■ **Work instructions**
Once you have located the line containing "Definition delta_h (h" in the material below, return it exactly along with each line after it through the line containing "(forall n, Cminus".
---------- Source data ----------
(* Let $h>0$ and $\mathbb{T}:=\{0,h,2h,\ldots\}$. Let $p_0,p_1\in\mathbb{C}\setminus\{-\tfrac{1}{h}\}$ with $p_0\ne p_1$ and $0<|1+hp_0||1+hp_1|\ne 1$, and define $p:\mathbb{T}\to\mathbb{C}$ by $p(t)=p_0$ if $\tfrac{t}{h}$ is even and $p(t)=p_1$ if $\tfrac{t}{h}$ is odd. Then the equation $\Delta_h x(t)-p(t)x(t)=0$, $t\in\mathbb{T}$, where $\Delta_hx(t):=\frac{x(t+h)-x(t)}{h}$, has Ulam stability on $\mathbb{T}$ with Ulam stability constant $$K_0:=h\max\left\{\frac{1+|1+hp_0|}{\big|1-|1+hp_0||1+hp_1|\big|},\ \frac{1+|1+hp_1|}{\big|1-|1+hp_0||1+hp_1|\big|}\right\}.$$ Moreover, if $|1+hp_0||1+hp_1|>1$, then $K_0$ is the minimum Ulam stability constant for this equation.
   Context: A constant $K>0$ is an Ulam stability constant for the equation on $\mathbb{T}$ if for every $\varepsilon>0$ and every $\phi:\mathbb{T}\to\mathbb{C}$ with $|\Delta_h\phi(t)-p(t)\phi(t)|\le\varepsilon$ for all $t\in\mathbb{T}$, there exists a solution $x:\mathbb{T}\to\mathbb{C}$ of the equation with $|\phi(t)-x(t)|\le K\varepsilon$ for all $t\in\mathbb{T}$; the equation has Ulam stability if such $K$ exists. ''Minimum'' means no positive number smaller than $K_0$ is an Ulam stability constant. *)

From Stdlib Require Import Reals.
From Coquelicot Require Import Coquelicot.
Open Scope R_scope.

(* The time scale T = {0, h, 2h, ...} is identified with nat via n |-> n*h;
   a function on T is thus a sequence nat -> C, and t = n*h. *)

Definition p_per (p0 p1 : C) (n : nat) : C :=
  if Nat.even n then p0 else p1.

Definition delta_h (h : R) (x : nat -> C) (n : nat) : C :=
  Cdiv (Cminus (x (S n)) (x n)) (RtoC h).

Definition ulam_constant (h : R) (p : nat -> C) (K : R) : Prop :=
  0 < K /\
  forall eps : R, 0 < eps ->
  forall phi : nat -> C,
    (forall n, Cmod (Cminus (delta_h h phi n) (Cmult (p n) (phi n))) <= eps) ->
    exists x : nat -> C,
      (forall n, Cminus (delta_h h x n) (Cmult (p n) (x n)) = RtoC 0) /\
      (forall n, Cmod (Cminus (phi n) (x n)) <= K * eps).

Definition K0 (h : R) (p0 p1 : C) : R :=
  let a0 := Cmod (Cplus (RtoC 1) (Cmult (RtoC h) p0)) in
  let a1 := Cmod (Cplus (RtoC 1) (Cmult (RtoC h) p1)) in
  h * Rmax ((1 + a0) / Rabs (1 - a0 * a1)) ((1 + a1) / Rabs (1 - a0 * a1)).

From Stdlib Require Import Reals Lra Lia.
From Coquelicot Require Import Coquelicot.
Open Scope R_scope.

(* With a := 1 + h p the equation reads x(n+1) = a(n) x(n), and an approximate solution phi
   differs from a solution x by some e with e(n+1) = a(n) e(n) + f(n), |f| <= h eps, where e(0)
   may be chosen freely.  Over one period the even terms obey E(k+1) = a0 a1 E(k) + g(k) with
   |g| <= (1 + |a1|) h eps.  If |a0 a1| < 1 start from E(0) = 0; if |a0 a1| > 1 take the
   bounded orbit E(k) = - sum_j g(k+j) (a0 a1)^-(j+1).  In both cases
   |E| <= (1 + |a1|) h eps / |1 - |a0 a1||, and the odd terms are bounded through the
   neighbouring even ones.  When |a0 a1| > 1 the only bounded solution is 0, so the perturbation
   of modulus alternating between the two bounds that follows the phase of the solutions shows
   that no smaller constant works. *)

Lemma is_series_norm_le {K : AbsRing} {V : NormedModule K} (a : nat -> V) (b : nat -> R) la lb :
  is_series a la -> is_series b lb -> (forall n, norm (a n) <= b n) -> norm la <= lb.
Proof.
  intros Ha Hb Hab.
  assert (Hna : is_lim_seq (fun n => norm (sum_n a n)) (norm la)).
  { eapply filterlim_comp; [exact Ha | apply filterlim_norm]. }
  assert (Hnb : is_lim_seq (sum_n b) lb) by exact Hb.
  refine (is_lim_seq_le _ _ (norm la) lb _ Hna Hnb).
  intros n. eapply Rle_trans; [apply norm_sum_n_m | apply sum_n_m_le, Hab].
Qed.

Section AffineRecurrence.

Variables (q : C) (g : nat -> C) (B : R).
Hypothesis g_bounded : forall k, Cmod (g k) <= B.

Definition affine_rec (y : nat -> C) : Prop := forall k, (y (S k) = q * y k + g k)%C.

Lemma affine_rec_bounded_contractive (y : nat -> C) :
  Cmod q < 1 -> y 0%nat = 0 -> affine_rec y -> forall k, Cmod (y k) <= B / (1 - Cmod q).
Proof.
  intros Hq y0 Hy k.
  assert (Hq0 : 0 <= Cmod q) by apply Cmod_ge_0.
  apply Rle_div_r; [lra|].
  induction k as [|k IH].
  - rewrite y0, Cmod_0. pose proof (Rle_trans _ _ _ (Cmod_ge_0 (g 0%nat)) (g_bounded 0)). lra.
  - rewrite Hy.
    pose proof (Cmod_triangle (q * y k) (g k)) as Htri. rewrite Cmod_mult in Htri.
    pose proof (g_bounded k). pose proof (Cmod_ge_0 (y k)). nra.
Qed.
----------
---------- Source data ----------
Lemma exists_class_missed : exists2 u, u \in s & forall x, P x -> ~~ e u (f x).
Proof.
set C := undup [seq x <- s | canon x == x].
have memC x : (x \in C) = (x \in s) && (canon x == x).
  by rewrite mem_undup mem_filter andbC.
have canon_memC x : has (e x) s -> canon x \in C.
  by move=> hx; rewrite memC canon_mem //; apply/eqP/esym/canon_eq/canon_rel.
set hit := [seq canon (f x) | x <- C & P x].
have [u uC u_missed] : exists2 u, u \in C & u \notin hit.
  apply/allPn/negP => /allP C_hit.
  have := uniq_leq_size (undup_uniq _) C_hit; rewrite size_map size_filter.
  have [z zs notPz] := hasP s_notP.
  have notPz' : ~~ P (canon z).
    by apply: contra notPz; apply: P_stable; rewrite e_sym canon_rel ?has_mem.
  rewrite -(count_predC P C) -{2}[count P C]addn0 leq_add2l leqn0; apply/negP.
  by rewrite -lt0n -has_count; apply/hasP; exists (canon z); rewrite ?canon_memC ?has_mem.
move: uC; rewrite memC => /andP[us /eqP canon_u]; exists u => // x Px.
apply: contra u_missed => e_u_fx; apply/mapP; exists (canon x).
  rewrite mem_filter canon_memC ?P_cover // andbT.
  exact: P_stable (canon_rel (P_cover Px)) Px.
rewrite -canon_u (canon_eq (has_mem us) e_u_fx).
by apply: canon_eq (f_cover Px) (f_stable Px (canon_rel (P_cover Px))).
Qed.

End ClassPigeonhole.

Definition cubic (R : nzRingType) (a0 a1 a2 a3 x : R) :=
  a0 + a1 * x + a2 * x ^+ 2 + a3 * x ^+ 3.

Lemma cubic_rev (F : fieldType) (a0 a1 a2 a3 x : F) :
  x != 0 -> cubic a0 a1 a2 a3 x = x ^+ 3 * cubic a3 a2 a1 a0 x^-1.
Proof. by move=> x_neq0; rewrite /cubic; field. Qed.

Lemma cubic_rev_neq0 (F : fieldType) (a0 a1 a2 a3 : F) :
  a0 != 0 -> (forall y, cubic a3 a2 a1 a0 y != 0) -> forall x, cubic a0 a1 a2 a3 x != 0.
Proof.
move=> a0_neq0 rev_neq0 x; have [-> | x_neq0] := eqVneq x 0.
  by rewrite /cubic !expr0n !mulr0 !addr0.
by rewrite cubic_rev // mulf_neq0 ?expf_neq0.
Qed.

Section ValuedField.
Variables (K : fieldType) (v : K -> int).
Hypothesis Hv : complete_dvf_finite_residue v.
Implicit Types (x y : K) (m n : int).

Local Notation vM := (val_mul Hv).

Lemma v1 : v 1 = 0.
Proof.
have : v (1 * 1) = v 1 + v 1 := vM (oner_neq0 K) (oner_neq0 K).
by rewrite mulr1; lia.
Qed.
----------
■ **Exercise result**
Definition delta_h (h : R) (x : nat -> C) (n : nat) : C :=
  Cdiv (Cminus (x (S n)) (x n)) (RtoC h).

Definition ulam_constant (h : R) (p : nat -> C) (K : R) : Prop :=
  0 < K /\
  forall eps : R, 0 < eps ->
  forall phi : nat -> C,
    (forall n, Cmod (Cminus (delta_h h phi n) (Cmult (p n) (phi n))) <= eps) ->
    exists x : nat -> C,
      (forall n, Cminus (delta_h h x n) (Cmult (p n) (x n)) = RtoC 0) /\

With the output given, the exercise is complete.